Europe

National Museum of Ireland 'not facing closure or fees'

Collins Barracks, National Museum of Ireland Image copyright © Bob Embleton /CC Geograph
Image caption Collins Barracks is one of four visitor attractions operated by the National Museum of Ireland, but the facilities have been badly affected by public spending cutbacks

The National Museum of Ireland has denied that its visitor facilities are facing "imminent closure" or that entry charges are to be introduced.

It follows media reports that members of its board discussed the possibility of shutting its four sites or charging visitors to solve financial problems.

The museum has seen a 40% cut in its state funding since 2008.

In a statement on Friday, the board said it remained "committed to the principle of free entry".

It confirmed the board of the National Museum "had discussed a number of options for cost saving in the context of addressing the financial pressures facing the Museum in 2015".

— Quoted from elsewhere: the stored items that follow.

(* Once n / 2k exceeds t plus this bound, n <= 2k (t + 2) (n / 2k - t), which
   reduces the binomial comparison below to a comparison with kst_bound. *)
Definition kst_bound k t := 2 * k * t.-1 * (2 * k * (t + 2)) ^ t.-1.

Lemma kst_count_ltn k t h n : 0 < k -> 0 < t -> n <= 2 * k * h ->
  2 * k * (kst_bound k t + t + 1) <= n ->
  t.-1 * 'C(n, t) < h * 'C(n %/ (2 * k), t).
Proof.
case: t => // t k0 _ n_le_h n_large; rewrite /kst_bound /= in n_large *.
set d := n %/ (2 * k); set D := d - t.+1; set c := 2 * k * (t.+1 + 2).
have d_large : (2 * k * t * c ^ t) + t.+1 + 1 <= d.
  by rewrite /d leq_divRL ?muln_gt0 // mulnC.
have n_le_D : n <= c * D.
  have : n < d.+1 * (2 * k) by apply: ltn_ceil; rewrite muln_gt0.
  rewrite /c /D; nia.
rewrite -(ltn_pmul2r (fact_gt0 t.+1)) -!mulnA !bin_ffact.
apply: (leq_ltn_trans (leq_mul (leqnn t) (ffact_leq_exp n t.+1))).
apply: (leq_trans _ (leq_mul (leqnn h) (expB_leq_ffact d t.+1))).
have n_exp : n ^ t <= c ^ t * D ^ t.
  by rewrite -expnMn; have [->|t0] := posnP t; rewrite ?expn0 // leq_exp2r.
have M_lt_D : 2 * k * t * c ^ t < D by rewrite /D; lia.
have h_gt0 : 0 < h by nia.
have Dt_gt0 : 0 < D ^ t by rewrite expn_gt0; lia.
have tn_le : t * n <= h * (2 * k * t) by nia.
rewrite !expnS -/D mulnA; apply: (leq_ltn_trans (leq_mul tn_le n_exp)).
by rewrite -mulnA ltn_pmul2l // mulnA ltn_pmul2r.
Qed.

Lemma sum_nat_of_bool_card (I : finType) (P Q : pred I) :
  \sum_(i | P i) (Q i : nat) = #|[set i | P i && Q i]|.
Proof.
rewrite -sum1dep_card big_mkcondr /=; apply: eq_bigr => i _.
by case: (Q i).
Qed.

Lemma many_large_values (T : finType) (f : T -> nat) k :
  (forall v, f v <= #|T|) -> #|T| * #|T| <= k * \sum_v f v ->
  #|T| <= 2 * k * #|[set v | #|T| <= 2 * k * f v]|.
Proof.
move=> f_le sum_ge; set n := #|T| in f_le sum_ge *; set L := [set v | _].
have sum_L : \sum_(v in L) f v <= #|L| * n.
  by rewrite -sum_nat_const; apply: leq_sum.
have sum_notL : 2 * k * \sum_(v | v \notin L) f v <= n * n.
  rewrite big_distrr /=; apply: (@leq_trans (\sum_(v | v \notin L) n)).
    by apply: leq_sum => v; rewrite inE -ltnNge; apply: ltnW.
  by rewrite sum_nat_cond_const leq_mul2r max_card orbT.
rewrite (bigID (mem L)) /= in sum_ge.
have : n * n <= 2 * k * #|L| * n by nia.
by have [->|n_gt0] := posnP n; last rewrite leq_pmul2r.
Qed.

Lemma sum_card_common_nbhd (T : finType) (adj : rel T) t :
  \sum_(X : {set T} | #|X| == t) #|[set v | X \subset [set u | adj v u]]|
  = \sum_v 'C(#|[set u | adj v u]|, t).
Proof.
transitivity (\sum_(X : {set T} | #|X| == t)
                \sum_v ((X \subset [set u | adj v u]) : nat)).
  by apply: eq_bigr => X _; rewrite sum_nat_of_bool_card; apply: eq_card => v; rewrite !inE.
rewrite exchange_big /=; apply: eq_bigr => v _.
by rewrite sum_nat_of_bool_card -cards_draws; apply: eq_card => X; rewrite !inE andbC.
Qed.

However, the statement added: "No decision on the closure of sites or on the introduction of charges has been taken by the board and no recommendations have been made to the minister of arts, heritage and the Gaeltacht (Irish-speaking areas) in this regard."

'Significant cutbacks'

The National Museum of Ireland has been badly affected by public spending cuts over the past six years, as the Irish government implemented wide-ranging austerity measures as a result of the international financial crisis.

The museum's government funding has been cut from 19m euros (£15m) in 2008 to 11.4m euros (£9m) this year.

In a statement in October, the board of the National Museum of Ireland said an increase in annual funding of 650,000 euros (£500,000) was "required in order to maintain services at existing minimal levels" in 2015.

The Irish Minister for Arts, Heritage and the Gaeltacht, Heather Humphreys, told the BBC she was "acutely aware that all of our national cultural institutions have faced significant cutbacks in recent years".

Regressive measure

The minister said talks were ongoing and she remained "committed to working with the chair, director and management at National Museum of Ireland to address all outstanding issues".

Ms Humphreys added that she believed "charging would be a regressive measure, which could have a negative impact on visitor numbers at the museum".

The National Museum of Ireland began life 137 years ago and curates objects relating to Irish heritage on behalf of the state.

It currently operates four exhibition centres, three of them are in Dublin and the fourth is in County Mayo.

Its military history collection is housed at Collins Barracks on the outskirts of Dublin city centre.

Its natural history collection is displayed in Merrion Street, close to the Irish parliament.